Why the Others Did Not Stick

I tested Hermes Agent and OpenClaw under similar conditions with the same model. Even from the first session, they felt less capable. The reason is architectural rather than magical.

Hermes Agent is stateless — every session starts from zero with no persistent memory of your preferences. OpenClaw has a personality system but it does not compound over time. You set directives once and they stay flat.

Nanobot’s design — long-term memory, persistent context, subagents, goal tracking — means every interaction is an investment. The agent accumulates understanding over time. That compounding effect is what made the difference in my testing, not any single feature.

What I Think This Means

The thing I kept running into with stateless agents was that nothing carried over. Every session, I was back at the beginning. With Nanobot, the opposite happened — every session built on the last one. For long-running personal workflows, that accumulated context ended up mattering more than raw model intelligence.

This finding comes with real tradeoffs. The setup that gave me the best results also gives the agent broad access to my system. That is not acceptable for every environment, and I would design it differently for anything beyond a personal homelab.

The more I used it, the less it felt like a smart tool and the more it felt like an automation layer that had absorbed my environment. It did not replace thinking — it replaced the repeated context-switching and manual execution that used to eat up my day. The value came from persistence and memory, not from any special intelligence.

For the first time, I have a setup that makes the autonomous agent category feel real to me in a practical, daily-useful sense. I think the most useful agents going forward will not be the most generally intelligent ones. They will be the ones with enough persistence and memory to become specific to the person running them.

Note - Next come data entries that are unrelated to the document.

(* The dynamical system $(X,T)$ is topologically mixing: for any nonempty open sets $U,V\subset X$ there is $N$ such that $T^n(U)\cap V\neq\emptyset$ for all $n\geq N$.
   Context: Paths and cycles: a graph is $G=(V,E)$ with $V$ finite and $E\subset V\times V$. A path is a finite sequence of vertices $(u_0,\dots,u_L)$ with $(u_j,u_{j+1})\in E$; its length is $|\cdot|=L$; a cycle is a path with $u_0=u_L$. For paths where one ends where the next starts, $+$ denotes concatenation and $a\,c$ means the cycle $c$ traversed $a$ times. Construction: $G_0=(V_0,E_0)$ with $V_0=\{v_{0,0}\}$, $E_0=\{e_{0,0}\}$, $e_{0,0}=(v_{0,0},v_{0,0})$. For $n\geq1$, $G_n=(V_n,E_n)$ consists of a vertex $v_{n,0}$, the loop $e_{n,0}=(v_{n,0},v_{n,0})$, and $n$ cycles $c_{n,1},\dots,c_{n,n}$, each starting and ending at $v_{n,0}$, whose vertices other than $v_{n,0}$ are pairwise distinct (within each cycle and across cycles); $V_n$ is the set of all these vertices and $E_n$ consists of $e_{n,0}$ and the edges of the cycles. The maps $\varphi_n\colon V_{n+1}\to V_n$ and the lengths of the cycles $c_{n+1,i}$ are defined together: $\varphi_n(v_{n+1,0})=v_{n,0}$, and for each $i$ a path $P_{n,i}$ in $G_n$ from $v_{n,0}$ to $v_{n,0}$ is given; $c_{n+1,i}$ has length $|P_{n,i}|$ and $\varphi_n$ maps its $j$-th vertex to the $j$-th vertex of $P_{n,i}$ (written $\varphi_n(c_{n+1,i})=P_{n,i}$). The paths are: $P_{0,1}=10\,e_{0,0}$; for $n\geq1$: $P_{n,i}=e_{n,0}+2c_{n,i}+2c_{n,i+1}+\dots+2c_{n,n}+e_{n,0}$ for $2\leq i\leq n$; $P_{n,n+1}=(n+2)^2\big(\sum_{i=1}^n|c_{n,i}|\big)\,e_{n,0}$; and $P_{n,1}=(1\,e_{n,0}+2c_{n,1})+(2\,e_{n,0}+2c_{n,1})+\dots+(k_n\,e_{n,0}+2c_{n,1})+e_{n,0}+2c_{n,2}+\dots+2c_{n,n}+e_{n,0}$, where $k_n=2\big(1+\sum_{i=1}^n|c_{n,i}|\big)$. Let $X=\{x\in\prod_{n\geq0}V_n:\varphi_n(x_{n+1})=x_n\ \forall n\}$ with metric $d(x,y)=2^{-\min\{i:x_i\neq y_i\}}$ ($d(x,x)=0$); $X$ is a compact zero-dimensional metric space, and $T\colon X\to X$ defined by $T(x)=y$ iff $(x_n,y_n)\in E_n$ for all $n$ is a well-defined homeomorphism. Write $x_n$ for the $n$-th coordinate of $x$. *)

From mathcomp Require Import all_boot.
Set Implicit Arguments. Unset Strict Implicit. Unset Printing Implicit Defensive.

(* Vertices of every G_n are encoded as pairs of naturals:
   (0,0)  = the base vertex v_{n,0};
   (i,j)  = the j-th vertex (1 <= j <= |c_{n,i}|-1) of the cycle c_{n,i}. *)
Definition vtx := (nat * nat)%type.
Definition base : vtx := (0, 0).

Definition plen (p : seq vtx) : nat := (size p).-1.
(* concatenation p + q of paths, q starting where p ends *)
Definition pcat (p q : seq vtx) : seq vtx := p ++ behead q.
Definition pcats (s : seq (seq vtx)) : seq vtx := foldr pcat [:: base] s.
(* a c = the cycle c (based at base) traversed a times *)
Definition rep (a : nat) (c : seq vtx) : seq vtx := pcats (nseq a c).
Definition eloop : seq vtx := [:: base; base].
Definition cyc (i L : nat) : seq vtx :=
  base :: rcons [seq (i, j) | j <- iota 1 L.-1] base.

(* lens = [:: |c_{n,1}|; ...; |c_{n,n}|];  cycle c_{n,i} *)
Definition cycof (lens : seq nat) (i : nat) : seq vtx := cyc i (nth 0 lens i.-1).

Definition tail2 (n : nat) (lens : seq nat) (i : nat) : seq vtx :=
  pcats [seq rep 2 (cycof lens j) | j <- iota i (n.+1 - i)].
(* Let $X_0,Y_0$ be $\mathbb Z_+$-valued random variables with $\mathbf P(X_0=k)\ge\mathbf P(Y_0=k)$ for all integers $k\ge1$ and $\mathbf P(Y_0=0)>0$, coupled as in the $XY$-coupling described below, and let $\eta>0$. If $\mathbf E(X_0)<\infty$ and $\mathbf E(X_0-Y_0)\ge\eta\,\mathbf P(Y_0=0)$, then for all real $r\ge0$, all integers $n\ge0$, $k\ge0$ and all integers $\ell\in[0,\frac{r\eta}2]$, $$\mathbf E(X_{n+k+\ell})\ge\frac{m^{k+\ell}\eta}{2}\,\mathbf E\big[N_n^{(0)}\mathbf 1_{\{N_n^{(0)}\ge r\}}\mathbf 1_{\{Y_n=k\}}\big].$$
   Context: Fix an integer $m\ge2$. Reversed $m$-ary tree $\mathbb T$: vertices have generations $|x|\in\{0,1,2,\dots\}$; each vertex $x$ with $|x|\ge1$ has $m$ parents $x^{(1)},\dots,x^{(m)}$ in generation $|x|-1$, and each vertex has a unique child in the next generation. $XY$-coupling: couple $(X_0,Y_0)$ so that $X_0\ge Y_0$ a.s. and $\mathbf P(X_0=Y_0\mid Y_0>0)=1$ (possible under the hypotheses). Let $(X(x),Y(x))$, $|x|=0$, be i.i.d. copies of this pair, and for $|x|\ge1$ set $X(x):=(X(x^{(1)})+\cdots+X(x^{(m)})-1)^+$, $Y(x):=(Y(x^{(1)})+\cdots+Y(x^{(m)})-1)^+$. Then $X(x)\ge Y(x)$ for all $x$, and for $|x|=n$ the variables $X(x)$ (resp. $Y(x)$) have the law of the $n$-th term $X_n$ (resp. $Y_n$) of the recursive system $Z_{n+1}\overset{d}=(Z_{n,1}+\cdots+Z_{n,m}-1)^+$ started from $X_0$ (resp. $Y_0$). Open paths: a path leading to $x$ is $(x_0,\dots,x_{|x|}=x)$ with $|x_j|=j$ and $x_{j+1}$ the child of $x_j$; it is open if for every vertex $z$ on it with $|z|\ge1$, $Y(z^{(1)})+\cdots+Y(z^{(m)})\ge1$ (a path with $|x|=0$ is open). $N^{(i)}(x)$ is the number of open paths leading to $x$ with $Y(x_0)=i$. Let $\mathfrak e_n$ be a fixed vertex of generation $n$ (the first in lexicographic order, with $\mathfrak e_{n+1}$ the child of $\mathfrak e_n$), and set $N_n^{(0)}:=N^{(0)}(\mathfrak e_n)$, $Y_n:=Y(\mathfrak e_n)$, and $X_n:=X(\mathfrak e_n)$. *)

From Stdlib Require Import Reals Arith.
Open Scope R_scope.

Fixpoint sum_nat (n : nat) (g : nat -> nat) : nat :=
  match n with O => O | S n' => (sum_nat n' g + g n')%nat end.

Fixpoint sum_R (n : nat) (g : nat -> R) : R :=
  match n with O => 0 | S n' => sum_R n' g + g n' end.

(* Value at a generation-n vertex of the reversed m-ary tree, whose m^n
   generation-0 ancestors carry the values v 0, ..., v (m^n - 1)
   (the ancestors through parent i occupy the block [i*m^(n-1), (i+1)*m^(n-1))).
   Recursion Z(x) = (Z(x^(1)) + ... + Z(x^(m)) - 1)^+ (nat truncated subtraction). *)
Fixpoint rec_val (m n : nat) (v : nat -> nat) : nat :=
  match n with
  | O => v O
  | S n' => (sum_nat m (fun i => rec_val m n' (fun j => v (i * Nat.pow m n' + j)%nat)) - 1)%nat
  end.

(* N^{(0)} at a generation-n vertex: number of open paths leading to it that
   start at a generation-0 vertex with Y = 0, where y gives the Y-values of
   the generation-0 ancestors. *)
Fixpoint open_count (m n : nat) (y : nat -> nat) : nat :=
  match n with
  | O => if Nat.eqb (y O) O then 1%nat else 0%nat
  | S n' =>
      if Nat.leb 1 (sum_nat m (fun i => rec_val m n' (fun j => y (i * Nat.pow m n' + j)%nat)))
      then sum_nat m (fun i => open_count m n' (fun j => y (i * Nat.pow m n' + j)%nat))
      else 0%nat
  end.

(* q a b = P(X0 = a, Y0 = b): a probability mass function on nat*nat. *)
Definition is_pmf (q : nat -> nat -> R) : Prop :=
  (forall a b, 0 <= q a b) /\
  Un_cv (fun K => sum_R K (fun a => sum_R K (fun b => q a b))) 1.

(* XY-coupling: X0 >= Y0 a.s. and P(X0 = Y0 | Y0 > 0) = 1. *)
Definition XY_coupling (q : nat -> nat -> R) : Prop :=
  forall a b, 0 < q a b -> (b <= a)%nat /\ ((0 < b)%nat -> a = b).

(* Truncated expectation of f(w) where w 0, ..., w (N-1) are i.i.d. copies of
   (X0,Y0) with law q, all values restricted to [0,K).  For nonnegative f
   (a.s.) this is nondecreasing in K and E f = sup_K texp q K N f. *)
Fixpoint texp (q : nat -> nat -> R) (K N : nat) (f : (nat -> nat * nat) -> R) : R :=
  match N with
  | O => f (fun _ => (O, O))
  | S N' => sum_R K (fun a => sum_R K (fun b =>
              q a b * texp q K N' (fun w => f (fun i => if Nat.eqb i N' then (a, b) else w i))))
  end.

(* E[f1(N1 iid copies)] <= E[f2(N2 iid copies)] in [0, +oo], for a.s.
   nonnegative f1, f2 (comparison of suprema of truncations). *)
Definition exp_le (q : nat -> nat -> R) (N1 : nat) (f1 : (nat -> nat * nat) -> R)
  (N2 : nat) (f2 : (nat -> nat * nat) -> R) : Prop :=
  forall K, exists K', texp q K N1 f1 <= texp q K' N2 f2.

Definition indic (b : bool) : R := if b then 1 else 0.

(* Write W_n for the sum of X(x_0) over the leaves x_0 of e_n with Y(x_0) = 0
   whose path to e_n is open, and A = {N >= r, Y_n = k}.
   (1) Pointwise (section TreeBounds).  At every vertex X >= Y + W.  Over k
       more generations the excess X - Y of a vertex with Y >= k survives, and
       over l more generations a sum loses at most l per summand, so
         X_{n+k+l} >= sum_t 1{Y(t) = k} (W(t) - l)    (t ancestors in generation n),
       plus one unit when l >= 1 and two fixed ancestors t both contribute >= l.
   (2) The m^{k+l} summands depend on disjoint blocks of i.i.d. leaves, so
       E X_{n+k+l} >= m^{k+l} E[1_A (W_n - l)] (+ the expected extra unit).
   (3) Under the XY-coupling X_0 1{Y_0 = 0} = X_0 - Y_0, and whether a leaf
       carries an open path ignores the leaf itself, so
       P(Y_0 = 0) E[1_A W_n] = E(X_0 - Y_0) E[1_A N] >= eta P(Y_0 = 0) E[1_A N].
   (4) On A, l <= r eta/2 <= N eta/2, hence E[1_A (W_n - l)] >= eta/2 E[1_A N].  At
   a finite level, (3) only holds up to factors tending to 1 (section Levels).
   For l = 0 step (4) costs nothing and a factor 1/2 may be lost; for l >= 1
   the positive expected extra unit of (1) pays for the loss (section Estimate). *)
From Stdlib Require Import Reals Arith Lia Lra Psatz FunctionalExtensionality.
Open Scope R_scope.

If you run a homelab and are curious about this space, I would recommend starting with a containerized agent in a restricted environment. Give it long-term memory and use it consistently for real tasks. Judge it after a month, not after a day.


I am a contributor to the Nanobot project. This post was not sponsored or commissioned. I paid for the API calls out of pocket — at $0.14/M tokens for DeepSeek V4 Flash, the total cost was small.